*EXERCISE PROMPT:* If a line in the entries below contains "cconj", copy it.

*ENTRIES SHOWN:*
=-=-=-=-=

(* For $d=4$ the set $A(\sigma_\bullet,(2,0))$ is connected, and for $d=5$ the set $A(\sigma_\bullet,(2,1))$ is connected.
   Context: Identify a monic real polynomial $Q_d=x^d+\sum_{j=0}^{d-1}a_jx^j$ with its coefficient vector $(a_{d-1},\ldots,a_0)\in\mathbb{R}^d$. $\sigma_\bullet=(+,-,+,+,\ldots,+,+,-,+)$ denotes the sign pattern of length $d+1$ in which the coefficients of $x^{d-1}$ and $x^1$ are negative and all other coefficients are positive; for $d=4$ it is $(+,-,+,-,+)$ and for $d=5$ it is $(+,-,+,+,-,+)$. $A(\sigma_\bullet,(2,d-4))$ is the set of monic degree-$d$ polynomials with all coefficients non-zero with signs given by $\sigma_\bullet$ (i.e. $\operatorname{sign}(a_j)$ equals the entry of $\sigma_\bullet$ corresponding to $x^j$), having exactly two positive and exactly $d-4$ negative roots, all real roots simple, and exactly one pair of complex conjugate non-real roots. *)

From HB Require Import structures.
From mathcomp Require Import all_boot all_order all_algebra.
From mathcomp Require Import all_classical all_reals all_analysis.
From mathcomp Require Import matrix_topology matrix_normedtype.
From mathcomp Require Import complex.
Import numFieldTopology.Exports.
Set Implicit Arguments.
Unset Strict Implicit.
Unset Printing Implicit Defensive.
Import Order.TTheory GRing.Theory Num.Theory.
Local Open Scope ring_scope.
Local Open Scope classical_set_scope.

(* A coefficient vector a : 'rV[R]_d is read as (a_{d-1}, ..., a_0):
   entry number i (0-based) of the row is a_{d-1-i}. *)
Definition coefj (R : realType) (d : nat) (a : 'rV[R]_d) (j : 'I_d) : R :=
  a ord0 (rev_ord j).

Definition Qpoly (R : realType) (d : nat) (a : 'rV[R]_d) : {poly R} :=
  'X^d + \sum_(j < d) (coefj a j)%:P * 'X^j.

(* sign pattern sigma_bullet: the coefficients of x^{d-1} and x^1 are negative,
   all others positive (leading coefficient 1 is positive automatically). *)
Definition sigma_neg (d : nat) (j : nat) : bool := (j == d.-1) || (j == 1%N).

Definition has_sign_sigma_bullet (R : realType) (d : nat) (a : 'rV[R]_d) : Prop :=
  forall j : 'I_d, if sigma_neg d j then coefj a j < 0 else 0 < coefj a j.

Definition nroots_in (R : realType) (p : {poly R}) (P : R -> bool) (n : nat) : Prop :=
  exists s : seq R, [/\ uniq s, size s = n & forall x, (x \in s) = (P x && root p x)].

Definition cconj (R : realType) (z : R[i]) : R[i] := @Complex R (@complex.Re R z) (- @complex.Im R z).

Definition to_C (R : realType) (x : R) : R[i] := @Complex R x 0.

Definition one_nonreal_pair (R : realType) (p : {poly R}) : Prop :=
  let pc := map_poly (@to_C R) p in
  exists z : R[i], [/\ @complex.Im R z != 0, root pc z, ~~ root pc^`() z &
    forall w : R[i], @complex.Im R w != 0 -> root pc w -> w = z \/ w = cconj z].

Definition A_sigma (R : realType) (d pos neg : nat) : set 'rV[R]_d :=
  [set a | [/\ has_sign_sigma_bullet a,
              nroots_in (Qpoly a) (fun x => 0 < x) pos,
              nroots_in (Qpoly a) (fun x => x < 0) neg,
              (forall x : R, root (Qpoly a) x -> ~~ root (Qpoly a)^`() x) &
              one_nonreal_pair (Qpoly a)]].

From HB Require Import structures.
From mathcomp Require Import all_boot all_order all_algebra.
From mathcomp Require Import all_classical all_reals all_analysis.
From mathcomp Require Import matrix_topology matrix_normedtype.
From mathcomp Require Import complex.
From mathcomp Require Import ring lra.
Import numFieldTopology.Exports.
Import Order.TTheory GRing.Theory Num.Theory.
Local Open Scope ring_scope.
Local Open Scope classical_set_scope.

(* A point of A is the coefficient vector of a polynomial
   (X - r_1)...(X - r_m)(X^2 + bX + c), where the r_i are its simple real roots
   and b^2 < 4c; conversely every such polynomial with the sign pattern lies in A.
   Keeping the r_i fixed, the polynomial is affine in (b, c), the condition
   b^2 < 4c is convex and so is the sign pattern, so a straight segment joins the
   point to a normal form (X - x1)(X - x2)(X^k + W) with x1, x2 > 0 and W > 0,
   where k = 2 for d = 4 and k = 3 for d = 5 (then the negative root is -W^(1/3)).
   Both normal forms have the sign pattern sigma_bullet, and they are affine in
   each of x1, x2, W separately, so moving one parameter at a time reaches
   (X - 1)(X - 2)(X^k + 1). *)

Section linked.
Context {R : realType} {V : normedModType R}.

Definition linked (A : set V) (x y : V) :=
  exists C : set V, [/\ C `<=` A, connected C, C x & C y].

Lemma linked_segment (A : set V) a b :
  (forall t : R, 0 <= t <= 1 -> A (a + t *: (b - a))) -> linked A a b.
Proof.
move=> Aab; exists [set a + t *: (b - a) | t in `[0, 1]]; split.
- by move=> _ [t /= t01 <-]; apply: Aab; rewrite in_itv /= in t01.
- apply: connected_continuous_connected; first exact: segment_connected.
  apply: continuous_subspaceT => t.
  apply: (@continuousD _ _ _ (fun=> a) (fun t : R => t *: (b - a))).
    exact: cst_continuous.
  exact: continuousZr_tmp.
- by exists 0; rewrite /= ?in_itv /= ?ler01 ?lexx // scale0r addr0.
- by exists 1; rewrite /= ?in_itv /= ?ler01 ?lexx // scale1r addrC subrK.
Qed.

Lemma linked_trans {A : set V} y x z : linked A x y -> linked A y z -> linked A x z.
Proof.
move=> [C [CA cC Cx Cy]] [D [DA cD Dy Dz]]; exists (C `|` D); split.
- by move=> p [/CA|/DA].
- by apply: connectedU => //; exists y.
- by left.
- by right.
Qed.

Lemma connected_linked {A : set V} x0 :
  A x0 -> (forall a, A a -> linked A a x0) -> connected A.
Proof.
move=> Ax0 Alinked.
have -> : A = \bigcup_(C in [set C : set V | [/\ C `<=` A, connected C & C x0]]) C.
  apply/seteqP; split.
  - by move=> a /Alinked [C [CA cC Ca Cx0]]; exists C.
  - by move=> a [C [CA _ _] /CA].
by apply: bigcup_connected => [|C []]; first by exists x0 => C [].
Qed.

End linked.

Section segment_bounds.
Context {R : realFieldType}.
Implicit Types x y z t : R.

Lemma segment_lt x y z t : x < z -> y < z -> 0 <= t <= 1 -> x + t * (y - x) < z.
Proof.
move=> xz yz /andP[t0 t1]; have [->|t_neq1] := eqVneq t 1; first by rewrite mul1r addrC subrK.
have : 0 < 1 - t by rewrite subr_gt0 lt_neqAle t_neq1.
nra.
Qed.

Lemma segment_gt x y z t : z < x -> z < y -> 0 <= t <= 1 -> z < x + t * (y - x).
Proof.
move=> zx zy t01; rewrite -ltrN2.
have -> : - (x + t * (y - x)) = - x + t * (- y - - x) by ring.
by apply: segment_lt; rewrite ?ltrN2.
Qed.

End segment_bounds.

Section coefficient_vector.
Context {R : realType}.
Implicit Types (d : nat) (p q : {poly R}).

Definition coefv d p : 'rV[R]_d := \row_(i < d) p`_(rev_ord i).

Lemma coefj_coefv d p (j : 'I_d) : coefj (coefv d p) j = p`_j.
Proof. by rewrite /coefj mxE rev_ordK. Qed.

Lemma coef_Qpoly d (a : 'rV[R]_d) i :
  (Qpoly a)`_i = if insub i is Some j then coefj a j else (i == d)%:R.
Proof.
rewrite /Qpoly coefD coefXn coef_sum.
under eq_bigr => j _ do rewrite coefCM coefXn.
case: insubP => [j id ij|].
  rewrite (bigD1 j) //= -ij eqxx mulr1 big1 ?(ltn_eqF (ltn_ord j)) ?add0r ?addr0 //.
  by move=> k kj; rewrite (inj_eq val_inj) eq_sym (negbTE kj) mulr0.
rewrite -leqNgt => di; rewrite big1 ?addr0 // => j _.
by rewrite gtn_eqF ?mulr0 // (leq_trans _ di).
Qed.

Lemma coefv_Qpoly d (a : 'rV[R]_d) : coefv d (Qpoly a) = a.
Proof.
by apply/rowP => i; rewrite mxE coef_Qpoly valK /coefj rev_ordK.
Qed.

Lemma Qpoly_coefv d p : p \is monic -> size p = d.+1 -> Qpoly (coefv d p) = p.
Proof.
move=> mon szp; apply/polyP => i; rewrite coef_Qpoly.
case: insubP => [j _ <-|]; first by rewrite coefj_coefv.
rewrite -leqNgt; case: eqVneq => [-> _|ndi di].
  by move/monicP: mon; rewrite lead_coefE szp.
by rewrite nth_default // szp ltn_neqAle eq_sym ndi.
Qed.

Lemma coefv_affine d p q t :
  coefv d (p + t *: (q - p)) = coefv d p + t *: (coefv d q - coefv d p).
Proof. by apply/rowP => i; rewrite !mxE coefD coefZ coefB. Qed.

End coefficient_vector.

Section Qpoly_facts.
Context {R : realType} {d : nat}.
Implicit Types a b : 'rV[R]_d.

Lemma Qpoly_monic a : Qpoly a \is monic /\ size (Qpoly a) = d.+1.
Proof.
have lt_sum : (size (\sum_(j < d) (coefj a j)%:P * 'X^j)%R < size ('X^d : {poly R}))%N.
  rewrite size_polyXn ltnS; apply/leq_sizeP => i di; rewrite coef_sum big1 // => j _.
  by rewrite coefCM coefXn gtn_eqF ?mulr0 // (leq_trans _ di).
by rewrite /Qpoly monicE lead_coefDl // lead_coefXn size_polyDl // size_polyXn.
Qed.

=-=-=-=-=

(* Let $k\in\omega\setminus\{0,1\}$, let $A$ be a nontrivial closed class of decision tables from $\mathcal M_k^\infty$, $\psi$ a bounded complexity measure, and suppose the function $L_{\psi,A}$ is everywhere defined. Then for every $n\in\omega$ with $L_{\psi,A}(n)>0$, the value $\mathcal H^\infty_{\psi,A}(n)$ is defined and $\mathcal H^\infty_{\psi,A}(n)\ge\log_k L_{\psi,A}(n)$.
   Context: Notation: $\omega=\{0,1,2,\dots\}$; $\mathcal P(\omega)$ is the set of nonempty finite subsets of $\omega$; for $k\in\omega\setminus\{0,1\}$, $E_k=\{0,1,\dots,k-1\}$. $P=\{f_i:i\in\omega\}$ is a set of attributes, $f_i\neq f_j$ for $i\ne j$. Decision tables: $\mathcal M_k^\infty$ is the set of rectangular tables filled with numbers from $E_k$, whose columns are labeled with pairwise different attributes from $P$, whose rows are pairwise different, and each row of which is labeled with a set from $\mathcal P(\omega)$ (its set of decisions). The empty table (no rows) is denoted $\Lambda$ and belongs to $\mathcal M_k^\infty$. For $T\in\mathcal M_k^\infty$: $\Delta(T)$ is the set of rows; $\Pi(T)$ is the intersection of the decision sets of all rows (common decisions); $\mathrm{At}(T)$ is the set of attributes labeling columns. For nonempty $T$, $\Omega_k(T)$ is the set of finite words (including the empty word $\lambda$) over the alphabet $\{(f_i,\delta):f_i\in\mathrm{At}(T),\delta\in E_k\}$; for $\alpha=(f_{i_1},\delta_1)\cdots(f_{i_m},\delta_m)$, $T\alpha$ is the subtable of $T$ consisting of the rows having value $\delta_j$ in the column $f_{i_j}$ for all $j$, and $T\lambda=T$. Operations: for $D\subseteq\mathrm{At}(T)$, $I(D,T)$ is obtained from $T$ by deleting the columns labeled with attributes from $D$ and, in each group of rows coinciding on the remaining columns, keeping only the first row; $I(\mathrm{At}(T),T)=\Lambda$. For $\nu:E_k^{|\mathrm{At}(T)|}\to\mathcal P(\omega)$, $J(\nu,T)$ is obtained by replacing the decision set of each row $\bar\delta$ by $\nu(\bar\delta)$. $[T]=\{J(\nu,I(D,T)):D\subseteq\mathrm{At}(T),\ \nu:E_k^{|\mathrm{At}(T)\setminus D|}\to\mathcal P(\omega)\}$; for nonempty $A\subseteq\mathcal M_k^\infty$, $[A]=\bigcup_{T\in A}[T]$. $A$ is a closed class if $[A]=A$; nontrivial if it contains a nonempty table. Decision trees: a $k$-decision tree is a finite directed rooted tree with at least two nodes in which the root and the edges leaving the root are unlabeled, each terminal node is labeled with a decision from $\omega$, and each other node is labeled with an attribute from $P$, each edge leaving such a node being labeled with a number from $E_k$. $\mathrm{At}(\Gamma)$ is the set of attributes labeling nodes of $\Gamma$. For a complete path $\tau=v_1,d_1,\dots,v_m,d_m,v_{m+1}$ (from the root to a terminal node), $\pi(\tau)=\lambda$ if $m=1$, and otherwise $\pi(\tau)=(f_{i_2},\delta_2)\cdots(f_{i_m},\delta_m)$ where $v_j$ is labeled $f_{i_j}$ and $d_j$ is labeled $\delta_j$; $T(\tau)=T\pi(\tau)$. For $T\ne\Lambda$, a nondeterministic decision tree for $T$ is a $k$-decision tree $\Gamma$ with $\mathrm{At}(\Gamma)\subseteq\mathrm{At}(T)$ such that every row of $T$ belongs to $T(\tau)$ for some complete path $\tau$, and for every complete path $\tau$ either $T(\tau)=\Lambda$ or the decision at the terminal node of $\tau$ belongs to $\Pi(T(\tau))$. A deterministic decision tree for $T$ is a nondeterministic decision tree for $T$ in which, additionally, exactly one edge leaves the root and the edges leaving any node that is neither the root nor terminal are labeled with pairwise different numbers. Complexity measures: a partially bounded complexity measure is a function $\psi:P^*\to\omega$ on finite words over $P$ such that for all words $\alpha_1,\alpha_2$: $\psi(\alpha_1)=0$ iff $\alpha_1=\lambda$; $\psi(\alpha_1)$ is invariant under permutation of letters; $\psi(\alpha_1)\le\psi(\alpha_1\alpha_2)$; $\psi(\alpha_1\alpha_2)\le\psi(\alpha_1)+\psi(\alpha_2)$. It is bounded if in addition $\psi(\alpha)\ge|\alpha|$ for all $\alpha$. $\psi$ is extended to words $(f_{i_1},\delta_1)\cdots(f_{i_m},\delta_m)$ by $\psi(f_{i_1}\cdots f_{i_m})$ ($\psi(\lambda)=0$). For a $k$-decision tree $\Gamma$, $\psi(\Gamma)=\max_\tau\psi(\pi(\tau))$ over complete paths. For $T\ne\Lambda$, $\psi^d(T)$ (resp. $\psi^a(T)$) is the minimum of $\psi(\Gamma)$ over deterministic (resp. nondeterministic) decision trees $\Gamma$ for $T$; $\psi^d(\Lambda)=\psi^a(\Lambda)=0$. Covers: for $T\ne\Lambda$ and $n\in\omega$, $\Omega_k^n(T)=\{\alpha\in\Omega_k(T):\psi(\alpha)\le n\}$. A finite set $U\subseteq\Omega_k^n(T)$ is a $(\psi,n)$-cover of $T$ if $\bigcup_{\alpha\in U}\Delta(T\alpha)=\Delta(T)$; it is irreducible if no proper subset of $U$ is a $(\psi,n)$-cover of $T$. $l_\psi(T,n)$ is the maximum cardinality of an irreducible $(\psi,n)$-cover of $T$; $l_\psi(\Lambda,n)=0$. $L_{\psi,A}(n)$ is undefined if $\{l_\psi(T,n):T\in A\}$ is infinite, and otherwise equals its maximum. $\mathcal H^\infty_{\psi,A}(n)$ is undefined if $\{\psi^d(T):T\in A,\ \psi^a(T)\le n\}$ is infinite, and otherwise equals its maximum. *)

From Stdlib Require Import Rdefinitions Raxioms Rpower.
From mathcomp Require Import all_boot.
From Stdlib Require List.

=-=-=-=-=

*REPLY TO THE EXERCISE:*
Definition cconj (R : realType) (z : R[i]) : R[i] := @Complex R (@complex.Re R z) (- @complex.Im R z).
    forall w : R[i], @complex.Im R w != 0 -> root pc w -> w = z \/ w = cconj z].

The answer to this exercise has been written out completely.